Страница 5 из 64
— Ладно, отдадите в другой раз, когда будут деньги, — говорила она.
Семен относился к отцу ровно, может быть, даже равнодушно, но мать он любил необычайно; иные ребята подсмеивались над ним за то, что он ничего не делал, не спросив у мамы, за то, что он, такой обычно невозмутимый, не мог скрыть своего беспокойства, если она где-нибудь долго задерживалась.
Ростик сказал ему как-то:
— Ты типичный маменькин сынок.
Семен не успел ничего ответить, Витька резко одернул Ростика.
Витькина мать умерла в прошлом году, и он тяжело переживал ее смерть.
— Ты счастливый, — сказал Витька Семену, сказал спокойно, без зависти. — У тебя мать живая. Это счастье.
— Да, счастье, — согласился Семен.
Отец Семена, Дмитрий Петрович, был вроде бы неплохой человек, ласковый, улыбчивый, одинаково приветливый со всеми, но меня утомляли его бесконечные улыбки; он улыбался, а мне думалось, что все в нем лжет: и узкие, шоколадного цвета глаза, и суетливые, не знавшие покоя руки.
Может быть, потому, что он работал на кондитерской фабрике, казалось, от него постоянно пахнет приторным запахом ванили и сахарной пудры.
У Дмитрия Петровича была манера говорить поговорками. Витька сказал про него однажды, что он изъясняется лозунгами, словно цитирует статью в газете.
Стоило мне прийти к ним, как Дмитрий Петрович тут же начинал:
— Катюша пришла! Гость в дом — радость в дом!
И улыбался, а мне не хотелось отвечать на его улыбку.
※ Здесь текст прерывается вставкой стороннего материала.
Let muA_bounds k : (k < N)%nat -> 0 <= muA k <= mu k /\ al * IA k <= muA k <= 2 * al * IA k.
Proof. intros Hk. apply restrict_dyadic_band_bounds, (measure_le1 m mu k Hmu Hk). Qed.

Let nuB_bounds k : (k < N)%nat -> 0 <= nuB k <= nu k /\ be * IB k <= nuB k <= 2 * be * IB k.
Proof. intros Hk. apply restrict_dyadic_band_bounds, (measure_le1 m nu k Hnu Hk). Qed.

Let powr_2_pred_le_4 : 0 < powr 2 (q - 1) <= powr 4 q.
Proof.
  split; [apply powr_gt0; lra|]. apply Rle_trans with (powr 2 q).
  - apply powr_le_exp; lra.
  - apply powr_le; lra.
Qed.

Lemma mass_dyadic_band_bounds : 0 <= mass m IB nu <= 1.
Proof.
  split; [apply sumN_nonneg; intros; apply nuB_bounds; auto|].
  destruct Hnu as [_ H1]. rewrite <- H1. apply sumN_le. intros. apply nuB_bounds; auto.
Qed.

Lemma powsum_conv_restrict_le_mass :
  powsum m q (conv m muA nuB) <= powr 2 (q - 1) * powr (mass m IB nu) q * powsum m q muA.
Proof.
  set (nB := mass m IB nu). pose proof mass_dyadic_band_bounds as Hn. fold nB in Hn.
  set (mA := sumN N muA).
  assert (HmA : 0 <= mA) by (apply sumN_nonneg; intros; apply muA_bounds; auto).
  assert (H1 : powsum m q (conv m muA nuB) <= powr (2 * al * nB) (q - 1) * (mA * nB)).
  { apply powsum_conv_le_suml; auto.
    - intros k Hk. destruct (muA_bounds k Hk) as [? ?].
      pose proof (dyadic_band_nonneg al mu k). destruct (dyadic_band_01 al mu k) as [E|E];
      fold IA in E; rewrite E in *; lra.
    - intros k Hk. apply nuB_bounds; auto. }
  assert (H2 : powr al (q - 1) * mA <= powsum m q muA).
  { apply sumN_le_powsum; auto; [lra|]. intros k Hk. destruct (muA_bounds k Hk) as [_ ?].
    destruct (dyadic_band_01 al mu k) as [E|E]; fold IA in E; rewrite E in *; [left|right]; lra. }
  rewrite !powr_mul in H1 by lra. rewrite (powr_pred q nB) by lra.
  pose proof (powr_nonneg nB (q - 1)). pose proof (powr_nonneg al (q - 1)).
  pose proof powr_2_pred_le_4.
  apply Rle_trans with (1 := H1).
  replace (powr 2 (q - 1) * powr al (q - 1) * powr nB (q - 1) * (mA * nB))
    with (powr 2 (q - 1) * (powr nB (q - 1) * nB) * (powr al (q - 1) * mA)) by ring.
  apply Rmult_le_compat_l; [|auto]. apply Rmult_le_pos; [lra|]. apply Rmult_le_pos; lra.
Qed.
Section ScalarCentre.
Variable K : fieldType.
Variable V : lmodType K.
Variables (z : V -> V) (c : K).
Hypothesis z_c : forall v, z v = c *: v.
Hypothesis c_neq0 : c != 0.

Lemma iter_scalar k v : iter k z v = c ^+ k *: v.
Proof. by elim: k v => [|k IH] v /=; rewrite ?expr0 ?scale1r // IH z_c scalerA exprS. Qed.

Lemma loc_eq0_scalar (x : loc V) : loc_eq z x (loc_zero V) <-> x.2 = 0.
Proof.
split; last by move=> x0; exists 0%N; rewrite /= x0 !iter_scalar !scaler0.
case=> j; rewrite /= !iter_scalar scaler0 => /eqP.
by rewrite scaler_eq0 expf_eq0 (negbTE c_neq0) andbF => /eqP.
Qed.

Lemma loc_eq_normal (x : loc V) : loc_eq z x (0%N, (c ^+ x.1)^-1 *: x.2).
Proof.
exists 0%N; rewrite /= !add0n iter_scalar scalerA.
by rewrite divff ?scale1r // expf_neq0.
Qed.
End ScalarCentre.

Lemma Hsubmod_restrict (K : fieldType) n (V : lmodType K)
    (p : nat -> V -> V) (z : V -> V) (S : loc V -> Prop) :
  gsubmod n p z S -> Hsubmod n p z (fun v => S (0%N, v)).
Proof.
case=> _ S0 S_lin S_act; split => //.
- by move=> a u v Su Sv; exact: (S_lin a (0%N, u) (0%N, v)).
- by move=> k v hk Sv; exact: (S_act (Bp k) (0%N, v)).
- by move=> v Sv; exact: (S_act Bz (0%N, v)).
Qed.

(* For z = c != 0, a nonzero g~-submodule of F(M) contains all denominator-free
   fractions by simplicity of M, hence every fraction. *)
Lemma gsimple_scalar (K : fieldType) n (V : lmodType K)
    (p : nat -> V -> V) (z : V -> V) (c : K) :
  Hsimple n p z -> c != 0 -> (forall v, z v = c *: v) -> gsimple n p z.
Proof.
move=> [[v0 v0_neq0] simpleM] c_neq0 z_c.
have eq0 := loc_eq0_scalar z_c c_neq0; have normal := loc_eq_normal z_c c_neq0.
split; first by exists (0%N, v0); rewrite eq0; exact/eqP.
move=> S HS [x [Sx x_neq0]] y; case: (HS) => S_eq _ _ _.
have S_all : forall v, S (0%N, v).
  apply: simpleM; first exact: Hsubmod_restrict.
  exists ((c ^+ x.1)^-1 *: x.2); split; first exact: S_eq (normal x) Sx.
  rewrite scaler_eq0 negb_or invr_eq0 expf_neq0 //=.
  by apply/eqP => x2_0; apply: x_neq0; rewrite eq0.
exact: S_eq (loc_eq_sym (normal y)) (S_all _).
Qed.
Definition fterm_tuple (t : fterm) := (fdir t, fnum t, fden t, foff t).
Definition tuple_fterm (x : zvec k * {poly K} * {poly K} * int) :=
  FTerm x.1.1.1 x.1.1.2 x.1.2 x.2.
Lemma fterm_tupleK : cancel fterm_tuple tuple_fterm. Proof. by case. Qed.
HB.instance Definition _ := Equality.copy fterm (can_type fterm_tupleK).

Implicit Types (t : fterm) (L : seq fterm).

Definition flen t z : nat := absz (dotz (fdir t) z + foff t).

Definition fvalue t z : K := nfact (fnum t) (fden t) (flen t z).

Definition fvalid t z :=
  0 < dotz (fdir t) z + foff t /\ nfact_defined (fnum t) (fden t) (flen t z).

Lemma fvalue_neq0 t z : fvalid t z -> fvalue t z != 0.
Proof. by case=> _; apply: nfact_neq0. Qed.

Lemma fvalue_dir0 t z : fdir t = 0 -> fvalue t z = fvalue t 0.
Proof. by move=> t0; rewrite /fvalue /flen t0 !dot0z. Qed.

Lemma gp_trichotomy (a b : {poly K}) v c C : C \in trichotomy v c ->
  exists t, forall z, region C z ->
    (forall j, Order.min c (dotz v z) <= j < Order.max c (dotz v z) ->
       a.[j%:~R] != 0 /\ b.[j%:~R] != 0) ->
    gp c (dotz v z) (fun j => a.[j%:~R] / b.[j%:~R]) = fvalue t z /\ fvalid t z.
Proof.
rewrite !inE => /or3P[]/eqP->.
- exists (FTerm v (shiftp a (c - 1)%:~R) (shiftp b (c - 1)%:~R) (- c)) => z.
  have [lt_c _ _] := region_trichotomy v c z.
  move=> /lt_c lt_cz; rewrite min_l ?max_r ?ltW // => hab.
  rewrite gp_lt //; split=> //; split; first by rewrite /= subr_gt0.
  exact: nfact_defined_lt.
- exists (FTerm 0 1 1 1) => z; have [_ eq_c _] := region_trichotomy v c z.
  move=> /eq_c -> _; rewrite /gp lexx subrr big_ord0 /fvalue /fvalid /flen /= dot0z.
  rewrite add0r /nfact big_nat1 hornerC divr1.
  by split=> //; split=> // j _ _; rewrite hornerC oner_neq0.
- exists (FTerm (- v) (reflectp b c%:~R) (reflectp a c%:~R) c) => z.
  have [_ _ gt_c] := region_trichotomy v c z.
  move=> /gt_c lt_zc; rewrite min_r ?max_l ?ltW // => hab.
  rewrite gp_gt // /fvalue /fvalid /flen /= dotNz (addrC (- _)); split=> //.
  by split; [rewrite subr_gt0 | exact: nfact_defined_gt].
Qed.

Lemma gp_prod_pieces (V : seq (zvec k)) (a b : zvec k -> {poly K}) z0 :
  exists Ps : seq (seq (zvec k * int)),
    (forall z, exists2 P, P \in Ps & region P z) /\
    (forall P, P \in Ps -> exists L, forall z, region P z ->
      (forall v, v \in V -> forall j : int,
         Order.min (dotz z0 v) (dotz z v) <= j < Order.max (dotz z0 v) (dotz z v) ->
         (a v).[j%:~R] != 0 /\ (b v).[j%:~R] != 0) ->
      \prod_(v <- V) gp (dotz z0 v) (dotz z v) (fun j => (a v).[j%:~R] / (b v).[j%:~R])
        = \prod_(t <- L) fvalue t z /\ {in L, forall t, fvalid t z}).
Proof.
elim: V => [|v V [Ps [cover hPs]]].
  exists [:: [::]]; split; first by move=> z; exists [::]; rewrite ?inE.
  by move=> P; rewrite inE => /eqP-> {P}; exists [::] => z _ _; rewrite !big_nil.
exists [seq C ++ P | C <- trichotomy v (dotz z0 v), P <- Ps]; split.
  move=> z; have [C hC rC] := trichotomy_cover v (dotz z0 v) z.
  have [P hP rP] := cover z.
  by exists (C ++ P); [apply: allpairs_f | apply/region_cat].
move=> _ /allpairsP[[C P] [/= hC hP ->]].
have [t ht] := gp_trichotomy (a v) (b v) hC; have [L hL] := hPs P hP.
exists (t :: L) => z /region_cat[rC rP] hab.
have hab_v := hab v (mem_head _ _); rewrite (dotzC z v) in hab_v.
have [e1 vt] := ht z rC hab_v.
have [e2 vL] := hL z rP (fun w wV => hab w (mem_behead (s := v :: V) wV)).
split; first by rewrite !big_cons (dotzC z v) e1 e2.
by move=> u; rewrite inE => /predU1P[->|/vL].
Qed.

Definition fshift t d :=
  FTerm (fdir t) (shiftp (fnum t) d%:R) (shiftp (fden t) d%:R) (foff t - d%:Z).

Lemma fshiftP t d z : d%:Z < dotz (fdir t) z + foff t -> fvalid t z ->
  fvalue t z = nfact (fnum t) (fden t) d * fvalue (fshift t d) z /\
  fvalid (fshift t d) z.
Proof.
move=> lt_d [_ def_t].
have e : flen t z = (flen (fshift t d) z + d)%N by rewrite /flen /=; lia.
rewrite /fvalue /fvalid e nfactD in def_t *; split => //; split.
  by rewrite /=; lia.
exact: nfact_definedD.
Qed.

Definition fmul t1 t2 :=
  FTerm (fdir t1) (fnum t1 * fnum t2) (fden t1 * fden t2) (foff t1).

Lemma fmulP t1 t2 z : fvalid t1 z -> fvalid t2 z ->
  fdir t1 = fdir t2 -> foff t1 = foff t2 ->
  fvalue (fmul t1 t2) z = fvalue t1 z * fvalue t2 z /\ fvalid (fmul t1 t2) z.
Proof.
move=> [pos1 def1] [_ def2] e_dir e_off.
have e : flen t2 z = flen t1 z by rewrite /flen e_dir e_off.
rewrite /fvalue /fvalid e in def2 *; rewrite nfactM.
by split=> //; split=> //; apply: nfact_definedM.
Qed.

Definition fexcess t1 t2 : nat := absz (foff t1 - Order.min (foff t1) (foff t2)).

Definition fmerge t1 t2 :=
  fmul (fshift t1 (fexcess t1 t2)) (fshift t2 (fexcess t2 t1)).

Definition fmerge_const t1 t2 :=
  nfact (fnum t1) (fden t1) (fexcess t1 t2) * nfact (fnum t2) (fden t2) (fexcess t2 t1).

Lemma fmergeP t1 t2 z : fdir t1 = fdir t2 -> fvalid t1 z -> fvalid t2 z ->
  fvalue t1 z * fvalue t2 z = fmerge_const t1 t2 * fvalue (fmerge t1 t2) z /\
  fvalid (fmerge t1 t2) z.
Proof.
move=> e_dir v1 v2; have [pos1 _] := v1; have [pos2 _] := v2.
rewrite e_dir in pos1.
have lt1 : (fexcess t1 t2)%:Z < dotz (fdir t1) z + foff t1.
  by rewrite e_dir /fexcess minEle; case: ifP => ?; lia.
have lt2 : (fexcess t2 t1)%:Z < dotz (fdir t2) z + foff t2.
  by rewrite /fexcess minEle; case: ifP => ?; lia.
have e_off : foff (fshift t1 (fexcess t1 t2)) = foff (fshift t2 (fexcess t2 t1)).
  by rewrite /= /fexcess !minEle; do 2!case: ifP => ?; lia.
have [e1 w1] := fshiftP lt1 v1; have [e2 w2] := fshiftP lt2 v2.
have [e w] := fmulP w1 w2 e_dir e_off.
by rewrite e1 e2 /fmerge /fmerge_const e mulrACA.
Qed.

Definition fnormal R L V (F : zvec k -> fterm) (c : K) :=
  [/\ uniq V, 0 \notin V, {in V, forall v, fdir (F v) = v} &
      forall z, R z ->
        \prod_(t <- L) fvalue t z = c * \prod_(v <- V) fvalue (F v) z /\
        {in V, forall v, fvalid (F v) z}].

Lemma fnormal_nil R : fnormal R [::] [::] (fun v => FTerm v 1 1 0) 1.
Proof. by split=> // z _; rewrite !big_nil mulr1. Qed.

Lemma fnormal_cons_dir0 R L V F c t : fdir t = 0 -> fnormal R L V F c ->
  fnormal R (t :: L) V F (fvalue t 0 * c).
Proof.
move=> t0 [uV V0 dirF hF]; split=> // z Rz; have [e vF] := hF z Rz.
by rewrite big_cons e (fvalue_dir0 z t0) mulrA.
Qed.
(* First welfare theorem: a Pareto improvement would have to earn strictly
   less in total than z does, but total earnings are fixed. *)
Lemma competitive_pareto_opt : pareto_opt v z.
Proof.
split => //; case=> w [w_alloc [w_ge [k w_gt]]].
have : \sum_(i < n) earnings (fun j => w i j) < \sum_(i < n) - b i.
  rewrite (bigD1 k) //= [X in _ < X](bigD1 k) //=.
  apply: ltr_leD; first exact: earnings_lt_budget.
  by apply: ler_sum => i _; apply: earnings_le_budget.
have : \sum_(i < n) - b i <= \sum_(i < n) earnings (fun j => z i j).
  by apply: ler_sum => i _; apply: budget_le_earnings.
by rewrite !total_earnings //; lra.
Qed.

(* An allocation with the same utility profile as z is again affordable at
   prices p: every agent earns at most her budget, while the total equals the
   total of budgets, so every agent exactly meets her budget. *)
Lemma same_util_affordable (w : 'M[R]_(n, m)) : is_alloc w ->
  util v w = util v z -> forall i, \sum_(j < m) p j * w i j <= b i.
Proof.
move=> w_alloc w_util.
have slack_ge0 i : 0 <= - b i - earnings (fun j => w i j).
  by rewrite subr_ge0 earnings_le_budget // w_util.
have slack_sum : \sum_(i < n) (- b i - earnings (fun j => w i j)) = 0.
  apply/eqP; rewrite eq_le sumr_ge0 // andbT sumrB subr_le0 total_earnings //.
  rewrite -(total_earnings z_alloc); apply: ler_sum => i _.
  exact: budget_le_earnings.
move=> i; have := psumr_eq0P (fun i _ => slack_ge0 i) slack_sum (i := i) erefl.
by rewrite /earnings => h; lra.
Qed.

Lemma same_util_competitive (w : 'M[R]_(n, m)) : is_alloc w ->
  util v w = util v z -> competitive v b w.
Proof.
move=> w_alloc w_util; split => //; exists p; split => // i; split.
  exact: same_util_affordable.
by rewrite w_util; apply: (z_demand i).2.
Qed.

End Competitive.

Lemma competitive_profile_mww (R : rcfType) (n m : nat) (v : 'M[R]_(n, m))
  (v_neg : forall i j, v i j < 0) (b : 'I_n -> R) (b_neg : forall i, b i < 0)
  (u : {ffun 'I_n -> R}) : in_CU v b u ->
  exists z, competitive v b z /\ util v z = u /\ in_MWW v (cons_graph z).
Proof.
case=> z [[z_alloc [p [p_neg z_demand]]] z_util].
have z_po := competitive_pareto_opt v_neg b_neg z_alloc p_neg z_demand.
have [w [w_alloc [w_util w_mww]]] := pareto_profile_mww v_neg (ex_intro _ z (conj z_po z_util)).
exists w; split => //.
by apply: (same_util_competitive v_neg b_neg z_alloc p_neg z_demand) => //; rewrite w_util.
Qed.

Unset Implicit Arguments.

Theorem lemma2 (R : rcfType) (n m : nat) (v : 'M[R]_(n, m))
  (hv : forall i j, v i j < 0) :
  (forall u : {ffun 'I_n -> R}, in_Ustar v u ->
     exists z, is_alloc z /\ util v z = u /\ in_MWW v (cons_graph z)) /\
  (forall b : 'I_n -> R, (forall i, b i < 0) ->
     forall u : {ffun 'I_n -> R}, in_CU v b u ->
     exists z, competitive v b z /\ util v z = u /\ in_MWW v (cons_graph z)).
Proof.
split=> [u|b hb u]; first exact: pareto_profile_mww.
exact: competitive_profile_mww.
Qed.
Theorem theorem7 (R : realType) :
  exists C : R, 0 < C /\
  forall (q : R), 0 <= q -> q < 1 ->
  forall (N K : nat -> nat),
    (forall M : nat, exists n0 : nat, forall n, (n0 <= n)%N -> (M <= N n)%N) ->
    (forall M : nat, exists n0 : nat, forall n, (n0 <= n)%N -> (M <= K n)%N) ->
    (fun n : nat => ((K n)%:R / (N n)%:R : R)) @ \oo --> 0%R ->
    exists T : nat -> nat,
      (forall n, (T n)%:R <= C * (K n)%:R * ln ((N n)%:R) / (1 - q)) /\
      forall dec : forall n, design (N n) (T n) -> outcomes (T n) -> {set 'I_(N n)},
        (forall n, (K n <= N n)%N -> is_ML_decoder (K n) q (dec n)) ->
        (fun n : nat => avg_error (K n) q (dec n)) @ \oo --> 0%R.
Proof.
exists (2 * expR 2); split; first by rewrite mulr_gt0 ?expR_gt0.
move=> q q0 q1 N K N_infty K_infty KN0.
exists (fun n => Num.truncn (2 * expR 2 * (K n)%:R * ln (N n)%:R / (1 - q))); split.
  move=> n; rewrite truncn_le; apply: divr_ge0; last by rewrite subr_ge0 ltW.
  by rewrite !mulr_ge0 ?expR_ge0 ?ln_nat_ge0.
move=> dec ML; apply: (squeeze_cvgr (f := fun=> 0) (h := fun n => expR 1 / (N n)%:R)).
- near=> n.
  have K2 : (2 <= K n)%N by near: n; exact: near_infty_of_ge.
  have N0 : (0 < N n)%N by near: n; exact: near_infty_of_ge.
  have KN : (K n <= N n)%N.
    have : `|(K n)%:R / (N n)%:R| < 1 :> R by near: n; exact: cvgr0_norm_lt.
    by rewrite ger0_norm // ltr_pdivrMr ?ltr0n // mul1r ltr_nat => /ltnW.
  rewrite avg_error_ge0 ?(ltW q1) //= (le_trans (avg_error_le KN q0 (ltW q1) (ML n KN))) //.
  exact: tests_bound.
- exact: cvg_cst.
- exact: cvg_div_nat_infty.
Unshelve. all: end_near.
Qed.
В последнее время его стали иногда встречать с кассиршей из кино «Великан», что на Серпуховской площади.
Кассирша была тощая блондинка с тяжелой челюстью, брови ее были выщипаны по тогдашней моде, а яркий рот обрисован темно-красной помадой в виде сердечка.
Она носила очень короткие платья и граненые, кораллового цвета бусы. Летом она прикрывала лицо газовой косынкой, чтобы не загорать; когда она выдавала билеты, ногти на ее руках так и бросались в глаза — длинные, ярко-розовые и такие блестящие, что тоже казались гранеными, как бусы.
Однажды мы с Семеном и Витькой сговорились поехать кататься на речном трамвае.
Мы зашли за Семеном, но он отказался:
— Не могу, ребята, тут мне книгу очень интересную дали на два дня, а я еще и половины не прочитал!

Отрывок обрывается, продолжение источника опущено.